● ASSIGNMENT: Starting at the line that contains "destruct (unif_top_conv_close F" and ending at the line that contains "move=> II' JJ';", the lines below are to be given again exactly, with nothing added.

● SUPPLIED RECORDS:
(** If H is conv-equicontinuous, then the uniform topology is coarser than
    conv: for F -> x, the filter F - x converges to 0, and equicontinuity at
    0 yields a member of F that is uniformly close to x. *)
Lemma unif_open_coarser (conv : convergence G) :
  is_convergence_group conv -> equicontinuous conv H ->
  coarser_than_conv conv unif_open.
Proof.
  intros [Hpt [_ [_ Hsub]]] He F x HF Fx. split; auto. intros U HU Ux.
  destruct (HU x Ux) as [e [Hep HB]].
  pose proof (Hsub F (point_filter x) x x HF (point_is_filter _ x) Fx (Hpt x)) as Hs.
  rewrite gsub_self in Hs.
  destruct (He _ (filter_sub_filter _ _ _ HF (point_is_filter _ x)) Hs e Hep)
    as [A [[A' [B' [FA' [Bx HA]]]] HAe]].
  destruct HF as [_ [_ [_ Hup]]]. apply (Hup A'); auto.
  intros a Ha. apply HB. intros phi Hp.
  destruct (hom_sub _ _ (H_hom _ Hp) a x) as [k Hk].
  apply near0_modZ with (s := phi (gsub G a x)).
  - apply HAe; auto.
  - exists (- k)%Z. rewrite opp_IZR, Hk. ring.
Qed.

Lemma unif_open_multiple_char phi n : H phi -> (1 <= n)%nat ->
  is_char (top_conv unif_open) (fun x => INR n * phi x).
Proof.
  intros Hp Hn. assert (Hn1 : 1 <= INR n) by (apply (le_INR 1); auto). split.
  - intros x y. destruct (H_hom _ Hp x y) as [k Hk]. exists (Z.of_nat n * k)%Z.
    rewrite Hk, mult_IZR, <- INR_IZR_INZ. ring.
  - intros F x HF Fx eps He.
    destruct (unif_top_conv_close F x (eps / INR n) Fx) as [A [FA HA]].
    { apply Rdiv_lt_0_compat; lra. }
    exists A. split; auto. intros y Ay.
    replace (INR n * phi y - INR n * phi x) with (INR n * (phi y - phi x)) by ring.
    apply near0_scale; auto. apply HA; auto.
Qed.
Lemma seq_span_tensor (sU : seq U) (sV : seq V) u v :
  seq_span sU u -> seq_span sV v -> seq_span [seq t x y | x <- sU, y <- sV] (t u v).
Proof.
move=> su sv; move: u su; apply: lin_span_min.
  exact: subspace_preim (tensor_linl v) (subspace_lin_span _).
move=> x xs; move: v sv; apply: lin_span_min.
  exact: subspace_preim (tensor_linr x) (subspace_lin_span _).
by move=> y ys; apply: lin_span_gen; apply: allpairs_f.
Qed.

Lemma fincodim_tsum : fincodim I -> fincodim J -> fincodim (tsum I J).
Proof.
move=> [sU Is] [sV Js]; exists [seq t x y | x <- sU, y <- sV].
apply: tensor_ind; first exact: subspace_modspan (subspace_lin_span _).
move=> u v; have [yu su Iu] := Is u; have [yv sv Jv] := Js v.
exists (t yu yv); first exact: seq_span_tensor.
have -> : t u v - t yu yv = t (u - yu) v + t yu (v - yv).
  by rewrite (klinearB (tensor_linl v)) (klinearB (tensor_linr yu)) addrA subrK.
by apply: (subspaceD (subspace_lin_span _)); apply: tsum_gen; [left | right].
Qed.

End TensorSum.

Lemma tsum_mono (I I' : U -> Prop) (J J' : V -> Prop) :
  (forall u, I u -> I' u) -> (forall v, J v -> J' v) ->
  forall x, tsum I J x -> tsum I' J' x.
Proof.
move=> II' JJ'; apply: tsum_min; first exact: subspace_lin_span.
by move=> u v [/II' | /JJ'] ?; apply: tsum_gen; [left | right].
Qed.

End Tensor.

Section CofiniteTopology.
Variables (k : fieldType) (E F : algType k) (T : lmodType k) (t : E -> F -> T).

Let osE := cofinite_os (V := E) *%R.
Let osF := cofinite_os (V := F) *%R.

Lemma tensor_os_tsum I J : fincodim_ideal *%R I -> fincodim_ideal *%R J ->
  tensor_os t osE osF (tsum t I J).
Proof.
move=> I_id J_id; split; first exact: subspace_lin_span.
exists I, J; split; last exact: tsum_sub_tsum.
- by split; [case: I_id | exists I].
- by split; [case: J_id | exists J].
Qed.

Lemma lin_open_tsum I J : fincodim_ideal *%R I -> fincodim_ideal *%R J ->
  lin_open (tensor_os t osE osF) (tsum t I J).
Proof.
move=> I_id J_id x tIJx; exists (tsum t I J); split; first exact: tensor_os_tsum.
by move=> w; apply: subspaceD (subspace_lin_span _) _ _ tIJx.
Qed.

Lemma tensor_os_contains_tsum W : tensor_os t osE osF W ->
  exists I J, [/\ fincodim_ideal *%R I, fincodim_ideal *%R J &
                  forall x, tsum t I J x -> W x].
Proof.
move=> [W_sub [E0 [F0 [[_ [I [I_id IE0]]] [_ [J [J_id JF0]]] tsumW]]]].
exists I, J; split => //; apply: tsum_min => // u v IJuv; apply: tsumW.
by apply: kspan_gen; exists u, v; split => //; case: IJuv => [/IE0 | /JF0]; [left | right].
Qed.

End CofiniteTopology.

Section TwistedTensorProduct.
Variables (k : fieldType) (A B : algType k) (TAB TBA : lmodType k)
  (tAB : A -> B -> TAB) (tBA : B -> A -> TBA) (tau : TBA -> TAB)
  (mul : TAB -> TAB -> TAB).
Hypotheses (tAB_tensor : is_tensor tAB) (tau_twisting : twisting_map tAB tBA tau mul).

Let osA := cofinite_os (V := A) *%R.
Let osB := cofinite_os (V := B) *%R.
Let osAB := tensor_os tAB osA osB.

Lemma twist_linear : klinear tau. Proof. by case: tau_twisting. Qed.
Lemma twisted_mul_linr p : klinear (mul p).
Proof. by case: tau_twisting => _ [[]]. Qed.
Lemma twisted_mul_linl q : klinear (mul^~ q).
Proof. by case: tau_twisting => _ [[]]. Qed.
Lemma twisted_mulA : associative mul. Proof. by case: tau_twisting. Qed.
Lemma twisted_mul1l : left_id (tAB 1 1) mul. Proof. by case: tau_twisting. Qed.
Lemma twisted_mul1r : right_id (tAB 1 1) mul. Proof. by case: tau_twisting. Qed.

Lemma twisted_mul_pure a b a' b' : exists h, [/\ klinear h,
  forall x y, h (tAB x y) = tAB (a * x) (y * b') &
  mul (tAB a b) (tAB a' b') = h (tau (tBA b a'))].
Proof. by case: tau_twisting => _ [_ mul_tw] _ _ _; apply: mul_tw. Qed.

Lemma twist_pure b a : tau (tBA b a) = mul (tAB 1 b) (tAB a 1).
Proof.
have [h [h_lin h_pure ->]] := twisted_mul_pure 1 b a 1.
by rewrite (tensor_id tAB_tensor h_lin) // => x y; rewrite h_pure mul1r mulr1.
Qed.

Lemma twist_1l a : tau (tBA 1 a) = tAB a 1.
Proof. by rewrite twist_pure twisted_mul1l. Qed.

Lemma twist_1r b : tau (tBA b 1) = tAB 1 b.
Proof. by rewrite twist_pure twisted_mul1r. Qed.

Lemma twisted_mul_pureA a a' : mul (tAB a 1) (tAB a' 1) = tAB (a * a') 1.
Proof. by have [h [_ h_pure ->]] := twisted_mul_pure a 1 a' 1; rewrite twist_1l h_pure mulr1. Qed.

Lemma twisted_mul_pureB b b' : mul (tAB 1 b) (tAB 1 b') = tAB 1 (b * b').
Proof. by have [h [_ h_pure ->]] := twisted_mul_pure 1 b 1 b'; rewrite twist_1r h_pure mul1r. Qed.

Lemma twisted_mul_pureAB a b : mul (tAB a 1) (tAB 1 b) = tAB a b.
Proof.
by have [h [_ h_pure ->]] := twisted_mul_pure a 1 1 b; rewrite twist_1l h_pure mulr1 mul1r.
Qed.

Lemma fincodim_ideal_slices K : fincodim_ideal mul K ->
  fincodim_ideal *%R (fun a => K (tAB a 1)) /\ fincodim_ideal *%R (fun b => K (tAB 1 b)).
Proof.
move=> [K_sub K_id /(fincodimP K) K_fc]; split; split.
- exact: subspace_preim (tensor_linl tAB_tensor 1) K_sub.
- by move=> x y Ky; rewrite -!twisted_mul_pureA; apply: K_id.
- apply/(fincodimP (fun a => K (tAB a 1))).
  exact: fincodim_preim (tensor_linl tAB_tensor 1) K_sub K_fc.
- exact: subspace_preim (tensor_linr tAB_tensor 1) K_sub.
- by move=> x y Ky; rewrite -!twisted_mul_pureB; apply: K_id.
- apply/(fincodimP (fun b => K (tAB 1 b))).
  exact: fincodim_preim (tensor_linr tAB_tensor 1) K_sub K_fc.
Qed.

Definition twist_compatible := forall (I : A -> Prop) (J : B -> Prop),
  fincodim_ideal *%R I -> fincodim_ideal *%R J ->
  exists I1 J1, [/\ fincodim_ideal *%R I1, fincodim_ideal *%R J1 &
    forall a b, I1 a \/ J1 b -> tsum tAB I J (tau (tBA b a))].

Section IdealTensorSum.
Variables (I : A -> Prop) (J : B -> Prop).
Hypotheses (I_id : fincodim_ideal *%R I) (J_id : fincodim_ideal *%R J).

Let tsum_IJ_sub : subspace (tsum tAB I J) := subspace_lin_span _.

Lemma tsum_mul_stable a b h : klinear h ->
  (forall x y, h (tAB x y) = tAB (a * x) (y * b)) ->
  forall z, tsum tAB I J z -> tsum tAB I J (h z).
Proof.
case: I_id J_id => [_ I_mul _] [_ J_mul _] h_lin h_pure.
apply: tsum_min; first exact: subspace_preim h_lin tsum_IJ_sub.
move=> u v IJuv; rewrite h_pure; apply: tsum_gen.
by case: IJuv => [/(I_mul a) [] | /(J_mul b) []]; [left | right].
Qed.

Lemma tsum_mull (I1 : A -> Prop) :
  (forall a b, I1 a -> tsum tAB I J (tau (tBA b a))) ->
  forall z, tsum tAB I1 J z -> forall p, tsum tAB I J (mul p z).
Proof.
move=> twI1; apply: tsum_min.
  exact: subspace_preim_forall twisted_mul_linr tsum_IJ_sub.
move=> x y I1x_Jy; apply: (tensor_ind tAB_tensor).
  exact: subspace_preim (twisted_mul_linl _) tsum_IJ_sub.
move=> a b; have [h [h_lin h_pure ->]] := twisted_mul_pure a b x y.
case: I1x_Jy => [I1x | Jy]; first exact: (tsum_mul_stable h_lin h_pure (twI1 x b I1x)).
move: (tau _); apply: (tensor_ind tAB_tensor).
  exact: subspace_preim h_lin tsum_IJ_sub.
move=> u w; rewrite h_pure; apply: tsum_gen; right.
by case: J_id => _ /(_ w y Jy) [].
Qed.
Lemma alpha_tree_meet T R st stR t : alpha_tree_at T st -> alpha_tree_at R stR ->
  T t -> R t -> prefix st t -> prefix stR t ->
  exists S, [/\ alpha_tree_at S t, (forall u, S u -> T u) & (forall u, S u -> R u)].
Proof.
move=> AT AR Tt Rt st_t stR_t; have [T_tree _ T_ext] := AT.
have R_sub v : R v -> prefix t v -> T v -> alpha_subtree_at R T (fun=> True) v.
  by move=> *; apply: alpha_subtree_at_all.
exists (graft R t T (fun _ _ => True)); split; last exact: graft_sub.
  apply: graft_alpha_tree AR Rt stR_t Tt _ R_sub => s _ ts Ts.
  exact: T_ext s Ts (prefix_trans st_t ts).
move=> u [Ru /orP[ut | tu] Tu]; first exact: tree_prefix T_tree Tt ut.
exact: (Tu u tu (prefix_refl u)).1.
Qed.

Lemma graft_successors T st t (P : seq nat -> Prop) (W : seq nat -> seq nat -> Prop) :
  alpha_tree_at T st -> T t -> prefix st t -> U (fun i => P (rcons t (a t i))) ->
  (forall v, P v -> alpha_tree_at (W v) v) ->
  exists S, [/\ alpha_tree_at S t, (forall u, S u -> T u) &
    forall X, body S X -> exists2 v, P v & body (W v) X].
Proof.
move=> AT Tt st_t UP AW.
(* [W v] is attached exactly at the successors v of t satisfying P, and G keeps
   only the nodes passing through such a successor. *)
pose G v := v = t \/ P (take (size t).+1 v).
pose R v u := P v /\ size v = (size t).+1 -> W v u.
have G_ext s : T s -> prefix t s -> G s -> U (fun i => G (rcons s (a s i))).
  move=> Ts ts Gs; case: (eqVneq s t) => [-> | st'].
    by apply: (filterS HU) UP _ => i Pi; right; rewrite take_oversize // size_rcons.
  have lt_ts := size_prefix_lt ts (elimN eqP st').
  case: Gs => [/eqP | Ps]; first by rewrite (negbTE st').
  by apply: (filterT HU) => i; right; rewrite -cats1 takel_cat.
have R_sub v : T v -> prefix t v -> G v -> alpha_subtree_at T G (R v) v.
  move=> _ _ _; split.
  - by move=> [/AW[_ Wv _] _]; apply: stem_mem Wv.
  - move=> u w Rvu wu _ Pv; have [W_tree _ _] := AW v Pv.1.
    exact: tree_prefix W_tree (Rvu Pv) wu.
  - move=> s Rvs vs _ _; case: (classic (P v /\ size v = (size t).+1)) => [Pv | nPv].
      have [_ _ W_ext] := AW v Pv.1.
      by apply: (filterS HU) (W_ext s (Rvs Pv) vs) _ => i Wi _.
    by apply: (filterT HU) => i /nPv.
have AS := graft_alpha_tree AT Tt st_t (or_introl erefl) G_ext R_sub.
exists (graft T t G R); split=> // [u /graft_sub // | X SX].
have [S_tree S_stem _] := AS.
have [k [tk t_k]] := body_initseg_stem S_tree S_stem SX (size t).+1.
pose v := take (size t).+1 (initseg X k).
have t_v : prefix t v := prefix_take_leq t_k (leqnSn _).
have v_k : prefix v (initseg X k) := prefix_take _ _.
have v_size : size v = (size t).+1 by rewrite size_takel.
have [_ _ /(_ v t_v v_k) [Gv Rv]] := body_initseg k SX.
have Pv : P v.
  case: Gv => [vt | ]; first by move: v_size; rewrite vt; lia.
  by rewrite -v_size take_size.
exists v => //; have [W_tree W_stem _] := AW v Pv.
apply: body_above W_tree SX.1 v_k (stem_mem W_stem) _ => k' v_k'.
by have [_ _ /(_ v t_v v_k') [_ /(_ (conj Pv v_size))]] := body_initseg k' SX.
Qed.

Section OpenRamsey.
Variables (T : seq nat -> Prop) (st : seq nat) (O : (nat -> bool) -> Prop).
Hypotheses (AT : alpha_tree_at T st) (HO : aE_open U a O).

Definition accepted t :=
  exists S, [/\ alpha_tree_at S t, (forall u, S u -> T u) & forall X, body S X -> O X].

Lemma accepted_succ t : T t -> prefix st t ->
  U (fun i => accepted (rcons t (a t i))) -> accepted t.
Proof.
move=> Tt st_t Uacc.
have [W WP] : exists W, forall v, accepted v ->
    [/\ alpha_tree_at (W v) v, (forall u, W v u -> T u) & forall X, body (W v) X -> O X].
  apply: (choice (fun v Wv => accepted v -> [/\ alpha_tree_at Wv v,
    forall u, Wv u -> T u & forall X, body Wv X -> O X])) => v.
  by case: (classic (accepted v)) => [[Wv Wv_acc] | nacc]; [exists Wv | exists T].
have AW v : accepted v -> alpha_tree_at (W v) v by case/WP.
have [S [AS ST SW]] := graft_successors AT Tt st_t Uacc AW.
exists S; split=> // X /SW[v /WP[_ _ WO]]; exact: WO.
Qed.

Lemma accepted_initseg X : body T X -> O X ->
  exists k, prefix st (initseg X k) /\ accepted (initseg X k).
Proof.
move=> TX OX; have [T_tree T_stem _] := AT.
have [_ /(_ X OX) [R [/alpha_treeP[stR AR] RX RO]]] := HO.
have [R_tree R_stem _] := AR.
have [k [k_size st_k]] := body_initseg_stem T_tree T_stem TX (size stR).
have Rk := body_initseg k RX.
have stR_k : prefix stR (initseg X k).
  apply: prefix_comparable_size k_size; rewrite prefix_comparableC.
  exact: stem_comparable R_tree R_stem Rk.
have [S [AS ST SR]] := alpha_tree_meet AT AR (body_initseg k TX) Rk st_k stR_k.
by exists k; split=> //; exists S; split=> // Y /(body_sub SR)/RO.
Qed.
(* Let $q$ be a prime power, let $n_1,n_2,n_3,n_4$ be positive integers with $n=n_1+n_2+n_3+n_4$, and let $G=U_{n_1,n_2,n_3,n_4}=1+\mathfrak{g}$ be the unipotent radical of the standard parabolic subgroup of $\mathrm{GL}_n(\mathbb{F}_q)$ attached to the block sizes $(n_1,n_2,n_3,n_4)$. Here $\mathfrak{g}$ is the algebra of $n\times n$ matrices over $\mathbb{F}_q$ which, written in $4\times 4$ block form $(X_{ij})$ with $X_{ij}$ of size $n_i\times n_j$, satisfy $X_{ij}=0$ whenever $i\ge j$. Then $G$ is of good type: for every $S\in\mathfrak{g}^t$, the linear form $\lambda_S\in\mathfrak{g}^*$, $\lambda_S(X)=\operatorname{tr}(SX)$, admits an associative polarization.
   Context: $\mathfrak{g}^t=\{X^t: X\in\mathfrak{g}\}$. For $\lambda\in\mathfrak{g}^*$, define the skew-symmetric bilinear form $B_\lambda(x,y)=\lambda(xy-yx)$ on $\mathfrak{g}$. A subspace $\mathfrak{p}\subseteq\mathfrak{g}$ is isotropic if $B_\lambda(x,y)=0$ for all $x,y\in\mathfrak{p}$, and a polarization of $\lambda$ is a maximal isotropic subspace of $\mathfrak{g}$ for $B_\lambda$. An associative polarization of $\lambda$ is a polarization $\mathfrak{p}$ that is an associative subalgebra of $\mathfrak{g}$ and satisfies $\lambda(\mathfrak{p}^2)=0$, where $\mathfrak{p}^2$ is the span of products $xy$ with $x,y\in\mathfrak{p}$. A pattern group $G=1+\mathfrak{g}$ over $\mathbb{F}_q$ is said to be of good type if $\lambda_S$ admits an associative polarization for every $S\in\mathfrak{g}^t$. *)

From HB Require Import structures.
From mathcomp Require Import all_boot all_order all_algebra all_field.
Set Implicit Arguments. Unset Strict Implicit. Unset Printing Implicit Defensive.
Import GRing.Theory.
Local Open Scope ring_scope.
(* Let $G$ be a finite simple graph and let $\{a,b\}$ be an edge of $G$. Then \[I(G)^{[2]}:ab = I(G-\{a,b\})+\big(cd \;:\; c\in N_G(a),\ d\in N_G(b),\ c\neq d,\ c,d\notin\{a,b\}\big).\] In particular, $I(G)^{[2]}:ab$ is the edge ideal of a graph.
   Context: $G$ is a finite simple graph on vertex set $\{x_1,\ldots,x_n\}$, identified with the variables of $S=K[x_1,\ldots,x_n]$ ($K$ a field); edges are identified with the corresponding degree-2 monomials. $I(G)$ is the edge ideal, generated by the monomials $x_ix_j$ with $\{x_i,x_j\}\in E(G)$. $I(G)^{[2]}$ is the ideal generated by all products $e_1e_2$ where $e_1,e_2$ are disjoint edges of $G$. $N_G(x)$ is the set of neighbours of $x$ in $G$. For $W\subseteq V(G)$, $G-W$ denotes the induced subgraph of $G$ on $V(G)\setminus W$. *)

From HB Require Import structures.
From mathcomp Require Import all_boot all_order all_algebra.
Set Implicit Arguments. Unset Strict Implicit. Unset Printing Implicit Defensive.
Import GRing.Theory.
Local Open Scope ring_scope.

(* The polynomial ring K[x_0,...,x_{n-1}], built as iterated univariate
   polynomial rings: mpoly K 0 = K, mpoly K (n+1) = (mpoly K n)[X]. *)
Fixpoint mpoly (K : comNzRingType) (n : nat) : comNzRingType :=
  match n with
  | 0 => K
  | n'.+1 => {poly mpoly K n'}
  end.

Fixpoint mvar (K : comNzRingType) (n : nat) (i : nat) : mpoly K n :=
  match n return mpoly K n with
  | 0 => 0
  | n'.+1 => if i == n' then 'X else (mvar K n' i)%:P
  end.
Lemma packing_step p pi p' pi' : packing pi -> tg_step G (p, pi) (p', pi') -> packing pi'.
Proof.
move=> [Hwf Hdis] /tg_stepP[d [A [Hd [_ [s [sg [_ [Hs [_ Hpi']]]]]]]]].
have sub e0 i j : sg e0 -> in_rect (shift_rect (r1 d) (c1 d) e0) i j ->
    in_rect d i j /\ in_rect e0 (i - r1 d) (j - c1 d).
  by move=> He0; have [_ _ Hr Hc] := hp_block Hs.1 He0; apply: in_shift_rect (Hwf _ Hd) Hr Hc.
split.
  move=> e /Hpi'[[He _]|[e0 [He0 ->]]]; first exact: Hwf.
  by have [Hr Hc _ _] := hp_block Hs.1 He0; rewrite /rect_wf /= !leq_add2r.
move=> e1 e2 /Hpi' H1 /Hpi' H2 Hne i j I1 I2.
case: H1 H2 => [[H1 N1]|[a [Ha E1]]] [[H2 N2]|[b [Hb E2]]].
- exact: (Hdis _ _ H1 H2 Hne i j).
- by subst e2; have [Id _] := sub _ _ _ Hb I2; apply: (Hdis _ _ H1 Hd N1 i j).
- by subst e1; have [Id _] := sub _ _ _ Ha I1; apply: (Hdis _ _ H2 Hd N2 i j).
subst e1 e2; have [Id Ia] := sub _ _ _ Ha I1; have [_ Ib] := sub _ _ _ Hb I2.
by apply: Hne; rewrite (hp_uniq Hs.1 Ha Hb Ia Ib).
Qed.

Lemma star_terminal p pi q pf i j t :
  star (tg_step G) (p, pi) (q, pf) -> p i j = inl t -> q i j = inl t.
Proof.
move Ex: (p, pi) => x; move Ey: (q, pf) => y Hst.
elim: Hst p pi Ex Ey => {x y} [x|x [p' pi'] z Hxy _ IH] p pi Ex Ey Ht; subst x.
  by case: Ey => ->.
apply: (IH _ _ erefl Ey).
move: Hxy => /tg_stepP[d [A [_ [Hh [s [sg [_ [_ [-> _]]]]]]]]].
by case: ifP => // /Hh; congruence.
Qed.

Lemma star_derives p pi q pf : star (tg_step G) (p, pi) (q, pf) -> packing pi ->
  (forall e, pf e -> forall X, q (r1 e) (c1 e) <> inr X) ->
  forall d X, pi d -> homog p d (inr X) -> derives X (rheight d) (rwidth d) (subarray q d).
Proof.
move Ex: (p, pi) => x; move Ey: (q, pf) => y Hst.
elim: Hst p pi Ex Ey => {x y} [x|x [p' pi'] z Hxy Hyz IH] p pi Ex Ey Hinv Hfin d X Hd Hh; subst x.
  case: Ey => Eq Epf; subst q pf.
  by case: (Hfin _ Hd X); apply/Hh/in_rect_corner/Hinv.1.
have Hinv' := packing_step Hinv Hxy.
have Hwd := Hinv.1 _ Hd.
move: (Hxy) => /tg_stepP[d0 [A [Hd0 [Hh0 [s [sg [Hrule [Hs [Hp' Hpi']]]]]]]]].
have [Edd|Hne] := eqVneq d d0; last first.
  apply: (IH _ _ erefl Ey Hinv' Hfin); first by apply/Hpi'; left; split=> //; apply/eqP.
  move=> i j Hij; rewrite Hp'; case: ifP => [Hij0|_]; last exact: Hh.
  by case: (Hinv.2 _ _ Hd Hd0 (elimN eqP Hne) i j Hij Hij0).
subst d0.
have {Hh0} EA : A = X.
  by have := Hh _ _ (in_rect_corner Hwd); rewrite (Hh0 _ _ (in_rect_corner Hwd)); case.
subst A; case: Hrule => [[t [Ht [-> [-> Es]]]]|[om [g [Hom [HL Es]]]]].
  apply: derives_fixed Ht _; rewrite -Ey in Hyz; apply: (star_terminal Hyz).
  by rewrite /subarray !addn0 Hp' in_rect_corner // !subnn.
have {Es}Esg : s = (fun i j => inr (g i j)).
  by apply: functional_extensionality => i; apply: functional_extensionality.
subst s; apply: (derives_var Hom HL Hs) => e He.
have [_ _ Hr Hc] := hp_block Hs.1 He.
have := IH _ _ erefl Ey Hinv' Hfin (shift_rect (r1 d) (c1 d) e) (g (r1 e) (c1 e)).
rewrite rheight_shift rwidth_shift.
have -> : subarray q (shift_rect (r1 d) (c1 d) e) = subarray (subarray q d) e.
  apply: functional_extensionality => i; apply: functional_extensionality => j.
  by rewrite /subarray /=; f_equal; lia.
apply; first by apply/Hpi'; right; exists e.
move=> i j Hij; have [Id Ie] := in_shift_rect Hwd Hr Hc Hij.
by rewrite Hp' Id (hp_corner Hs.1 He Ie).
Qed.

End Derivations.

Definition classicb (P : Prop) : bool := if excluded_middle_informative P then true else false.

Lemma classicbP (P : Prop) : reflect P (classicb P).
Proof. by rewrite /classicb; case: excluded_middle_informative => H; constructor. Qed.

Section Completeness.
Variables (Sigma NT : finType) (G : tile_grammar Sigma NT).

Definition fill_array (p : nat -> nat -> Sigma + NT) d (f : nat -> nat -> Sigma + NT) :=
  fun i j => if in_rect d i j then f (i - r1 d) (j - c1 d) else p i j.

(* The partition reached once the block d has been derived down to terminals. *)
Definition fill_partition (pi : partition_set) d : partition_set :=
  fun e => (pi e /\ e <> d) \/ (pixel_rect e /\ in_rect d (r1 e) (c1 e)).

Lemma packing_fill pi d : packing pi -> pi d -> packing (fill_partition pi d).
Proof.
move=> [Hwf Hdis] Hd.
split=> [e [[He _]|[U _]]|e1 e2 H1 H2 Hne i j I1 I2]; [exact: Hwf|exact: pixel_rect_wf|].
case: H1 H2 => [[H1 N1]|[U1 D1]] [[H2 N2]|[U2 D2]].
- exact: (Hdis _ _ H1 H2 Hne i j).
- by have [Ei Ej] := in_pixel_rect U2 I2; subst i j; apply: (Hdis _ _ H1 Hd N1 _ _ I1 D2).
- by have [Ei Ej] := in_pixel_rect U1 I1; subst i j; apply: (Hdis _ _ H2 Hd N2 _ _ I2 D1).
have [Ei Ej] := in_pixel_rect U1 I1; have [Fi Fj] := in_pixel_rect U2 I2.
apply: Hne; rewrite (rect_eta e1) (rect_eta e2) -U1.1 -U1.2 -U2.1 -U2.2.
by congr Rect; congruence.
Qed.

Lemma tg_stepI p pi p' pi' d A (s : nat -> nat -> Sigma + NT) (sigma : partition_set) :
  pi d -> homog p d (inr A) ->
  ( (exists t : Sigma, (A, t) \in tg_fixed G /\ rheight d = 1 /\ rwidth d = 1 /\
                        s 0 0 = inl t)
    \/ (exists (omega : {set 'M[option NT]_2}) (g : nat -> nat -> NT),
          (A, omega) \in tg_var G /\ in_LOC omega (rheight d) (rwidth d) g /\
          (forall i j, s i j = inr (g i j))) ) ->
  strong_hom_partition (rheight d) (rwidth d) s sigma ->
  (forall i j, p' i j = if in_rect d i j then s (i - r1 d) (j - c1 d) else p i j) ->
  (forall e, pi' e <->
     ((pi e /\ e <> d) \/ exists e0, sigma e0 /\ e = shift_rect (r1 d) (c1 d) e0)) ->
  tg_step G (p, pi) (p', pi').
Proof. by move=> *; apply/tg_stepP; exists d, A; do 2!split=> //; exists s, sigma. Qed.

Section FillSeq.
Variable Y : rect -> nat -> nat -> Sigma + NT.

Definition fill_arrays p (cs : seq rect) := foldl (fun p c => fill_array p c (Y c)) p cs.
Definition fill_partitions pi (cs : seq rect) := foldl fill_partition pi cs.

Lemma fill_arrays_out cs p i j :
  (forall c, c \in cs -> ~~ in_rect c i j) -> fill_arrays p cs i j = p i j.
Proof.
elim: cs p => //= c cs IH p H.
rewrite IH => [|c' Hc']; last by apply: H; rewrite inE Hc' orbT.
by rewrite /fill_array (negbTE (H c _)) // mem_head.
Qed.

● YOUR RESPONSE:
    destruct (unif_top_conv_close F x (eps / INR n) Fx) as [A [FA HA]].
    { apply Rdiv_lt_0_compat; lra. }
    exists A. split; auto. intros y Ay.
    replace (INR n * phi y - INR n * phi x) with (INR n * (phi y - phi x)) by ring.
    apply near0_scale; auto. apply HA; auto.
Qed.
Lemma seq_span_tensor (sU : seq U) (sV : seq V) u v :
  seq_span sU u -> seq_span sV v -> seq_span [seq t x y | x <- sU, y <- sV] (t u v).
Proof.
move=> su sv; move: u su; apply: lin_span_min.
  exact: subspace_preim (tensor_linl v) (subspace_lin_span _).
move=> x xs; move: v sv; apply: lin_span_min.
  exact: subspace_preim (tensor_linr x) (subspace_lin_span _).
by move=> y ys; apply: lin_span_gen; apply: allpairs_f.
Qed.

Lemma fincodim_tsum : fincodim I -> fincodim J -> fincodim (tsum I J).
Proof.
move=> [sU Is] [sV Js]; exists [seq t x y | x <- sU, y <- sV].
apply: tensor_ind; first exact: subspace_modspan (subspace_lin_span _).
move=> u v; have [yu su Iu] := Is u; have [yv sv Jv] := Js v.
exists (t yu yv); first exact: seq_span_tensor.
have -> : t u v - t yu yv = t (u - yu) v + t yu (v - yv).
  by rewrite (klinearB (tensor_linl v)) (klinearB (tensor_linr yu)) addrA subrK.
by apply: (subspaceD (subspace_lin_span _)); apply: tsum_gen; [left | right].
Qed.

End TensorSum.

Lemma tsum_mono (I I' : U -> Prop) (J J' : V -> Prop) :
  (forall u, I u -> I' u) -> (forall v, J v -> J' v) ->
  forall x, tsum I J x -> tsum I' J' x.
Proof.
move=> II' JJ'; apply: tsum_min; first exact: subspace_lin_span.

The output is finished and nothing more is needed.